Re: [jira] Updated: (MAHOUT-387) Cosine item similarity implementation

Posted by Sean Owen <sr...@gmail.com>.
Well it's not hard to add something like UncenteredCosineSimilarity
for sure, I don't mind. It's actually a matter of configuring the
superclass to center or not.

But it's also easy to center the data in the M/R. I agree it makes
little difference in your case, and the effect is subtle. I can add
centering, to at least have it in the code for consistency -- in
addition to adding the implementation above for completeness.
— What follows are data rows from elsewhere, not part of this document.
Inductive tmor : texpr -> texpr -> Type :=
| TId a : tmor a a
| TComp a b d : tmor b d -> tmor a b -> tmor a d
| TTensm a a' b b' : tmor a a' -> tmor b b' -> tmor (TTens a b) (TTens a' b')
| TAssoc a b d : tmor (TTens (TTens a b) d) (TTens a (TTens b d))
| TAssocInv a b d : tmor (TTens a (TTens b d)) (TTens (TTens a b) d)
| TBox x y : Hom (tinterp x) (tinterp y) -> tmor x y.

Fixpoint tmor_interp {a b} (s : tmor a b) : Hom (tinterp a) (tinterp b) :=
  match s with
  | TId a => idm (tinterp a)
  | TComp _ _ _ s2 s1 => tmor_interp s2 ∘ tmor_interp s1
  | TTensm _ _ _ _ s1 s2 => tmor_interp s1 ⊗m tmor_interp s2
  | TAssoc a b d => assoc (tinterp a) (tinterp b) (tinterp d)
  | TAssocInv a b d => assoc_inv (tinterp a) (tinterp b) (tinterp d)
  | TBox _ _ f => f
  end.

Fixpoint rnf_map (a : texpr) {T1 T2 : Obj C} (g : Hom T1 T2) : Hom (rnf a T1) (rnf a T2) :=
  match a with
  | TAtom x => idm x ⊗m g
  | TTens a b => rnf_map a (rnf_map b g)
  end.

(* Associators act as identities on right normal forms. *)
Fixpoint tmor_rnf {a b} (s : tmor a b) (t : Obj C) : Hom (rnf a t) (rnf b t) :=
  match s with
  | TId a => idm _
  | TComp _ _ _ s2 s1 => tmor_rnf s2 t ∘ tmor_rnf s1 t
  | TTensm a a' b b' s1 s2 => tmor_rnf s1 (rnf b' t) ∘ rnf_map a (tmor_rnf s2 t)
  | TAssoc a b d => idm _
  | TAssocInv a b d => idm _
  | TBox x y f => to_rnf y t ∘ (f ⊗m idm t) ∘ of_rnf x t
  end.

Lemma to_rnf_nat (a : texpr) (T1 T2 : Obj C) (g : Hom T1 T2) :
  to_rnf a T2 ∘ (idm (tinterp a) ⊗m g) = rnf_map a g ∘ to_rnf a T1.
Proof.
  revert T1 T2 g; induction a as [x|a IHa b IHb]; intros T1 T2 g; simpl.
  - rewrite idm_comp, comp_idm; reflexivity.
  - rewrite <- !compA, assoc_nat_r, (compA (assoc _ _ _)), tensm_compE, idm_comp, IHb.
    rewrite tensm_comp_r, !compA, IHa; reflexivity.
Qed.

Lemma to_rnf_assoc (a b d : texpr) (t : Obj C) :
  to_rnf (TTens a (TTens b d)) t ∘ (assoc (tinterp a) (tinterp b) (tinterp d) ⊗m idm t)
  = to_rnf (TTens (TTens a b) d) t.
Proof.
  simpl.
  rewrite (tensm_comp_r _ (assoc _ _ _)), (tensm_comp_r (to_rnf b _)), <- !compA.
  rewrite (compA (assoc _ _ _ ⊗m idm t)), <- pentagonE.
  rewrite (compA (assoc (_ ⊗ _) _ _)), <- assoc_nat_r, !compA; reflexivity.
Qed.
While I'm at it I think we might be able to simplify this item-item
computation. A straightforward alternative is something like this:

1. Compute item vectors (using Vector output, ideally) in one M/R
2M. For each item-item pair output both vectors
2R. With both Vectors in hand easily compute the cosine measure

It's quite simple, and lends itself to dropping in a different reducer
stage to implement different similarities, which is great.

The question is performance. Say I have P prefs, U users and I items.
Assume P/I prefs per item. The bottleneck of this stage is outputting
I^2 vectors of size P/I, or about P*I output.

What you're doing now bottlenecks in the last bit where you output for
each user some data for every pair of items. That's coarsely U *
(P/U)^2 = U*P^2 output. I think that P^2 is killer.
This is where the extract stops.